Lemma inj1_kernel : is_kernel (inj1 H) p2.
Proof.
  unfold inj1. split.
  - rewrite pairing_snd. apply zero_is_zero_mor.
  - intros W x Hx. exists (p1 ∘ x). split.
    + apply (product_ext H); rewrite !compA, ?pairing_fst, ?pairing_snd, ?comp_idl, ?zero_comp_r;
        auto. symmetry; apply zero_mor_zero; auto.
    + intros v Hv. rewrite <- Hv, compA, pairing_fst, comp_idl. reflexivity.
Qed.

Lemma product_eq_on_injections {W : C} (a b : Hom P W) :
  a ∘ inj1 H = b ∘ inj1 H -> a ∘ inj2 H = b ∘ inj2 H -> a = b.
Proof.
  intros E1 E2. apply (eq_of_split_extension inj2_section inj1_kernel); auto.
Qed.

Lemma product_factor_on_injections {W M : C} (m : Hom M W) (x : Hom P W) : mono m ->
  (exists z, x ∘ inj1 H = m ∘ z) -> (exists z, x ∘ inj2 H = m ∘ z) -> exists z, x = m ∘ z.
Proof.
  intros Hm E1 E2.
  apply (factor_through_mono_of_split_extension inj2_section inj1_kernel); auto.
Qed.

End UnitalProduct.

(** * Cooperating morphisms *)

Definition is_cooperator {K L Y KL : C} {s1 : Hom KL K} {s2 : Hom KL L}
  (H : is_product s1 s2) (u : Hom K Y) (v : Hom L Y) (φ : Hom KL Y) : Prop :=
  φ ∘ inj1 H = u /\ φ ∘ inj2 H = v.

Lemma normal_subobjects_cooperate {A QK QL Q A' K L KL : C}
  {k : Hom K A} {l : Hom L A} {p : Hom A QK} {q : Hom A QL}
  {π1 : Hom Q QK} {π2 : Hom Q QL} (HQ : is_product π1 π2)
  {s1 : Hom KL K} {s2 : Hom KL L} (HKL : is_product s1 s2)
  (g : Hom A A') (m : Hom A' Q) :
  is_kernel k p -> is_kernel l q -> mono m -> pairing HQ p q = m ∘ g ->
  exists φ, is_cooperator HKL (g ∘ k) (g ∘ l) φ.
Proof.
  intros Hk Hl Hm Hpq.
  set (χ := pairing HQ (p ∘ l ∘ s2) (q ∘ k ∘ s1)).
  assert (E1 : χ ∘ inj1 HKL = m ∘ (g ∘ k)).
  { unfold χ, inj1. rewrite compA, <- Hpq, !pairing_comp.
    apply (product_ext HQ); rewrite ?pairing_fst, ?pairing_snd, <- ?compA, ?pairing_fst,
      ?pairing_snd, ?zero_comp_l, ?comp_idr, ?(kernel_comp_zero Hk); reflexivity. }
  assert (E2 : χ ∘ inj2 HKL = m ∘ (g ∘ l)).
  { unfold χ, inj2. rewrite compA, <- Hpq, !pairing_comp.
    apply (product_ext HQ); rewrite ?pairing_fst, ?pairing_snd, <- ?compA, ?pairing_fst,
      ?pairing_snd, ?zero_comp_l, ?comp_idr, ?(kernel_comp_zero Hl); reflexivity. }
  destruct (product_factor_on_injections HKL m χ Hm (ex_intro _ _ E1) (ex_intro _ _ E2))
    as [φ Hφ].
  exists φ. split; apply Hm; rewrite compA, <- Hφ; auto.
Qed.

* _WHAT IS EXPECTED_:
Would you copy out exactly the lines above that start at the one containing "intros Hm E1 E2." and end at the one containing "is_kernel k p", inclusive?

* _RESPONSE TO THIS TASK_:
  intros Hm E1 E2.
  apply (factor_through_mono_of_split_extension inj2_section inj1_kernel); auto.
Qed.

End UnitalProduct.

(** * Cooperating morphisms *)

Definition is_cooperator {K L Y KL : C} {s1 : Hom KL K} {s2 : Hom KL L}
  (H : is_product s1 s2) (u : Hom K Y) (v : Hom L Y) (φ : Hom KL Y) : Prop :=
  φ ∘ inj1 H = u /\ φ ∘ inj2 H = v.

Lemma normal_subobjects_cooperate {A QK QL Q A' K L KL : C}
  {k : Hom K A} {l : Hom L A} {p : Hom A QK} {q : Hom A QL}
  {π1 : Hom Q QK} {π2 : Hom Q QL} (HQ : is_product π1 π2)
  {s1 : Hom KL K} {s2 : Hom KL L} (HKL : is_product s1 s2)
  (g : Hom A A') (m : Hom A' Q) :
  is_kernel k p -> is_kernel l q -> mono m -> pairing HQ p q = m ∘ g ->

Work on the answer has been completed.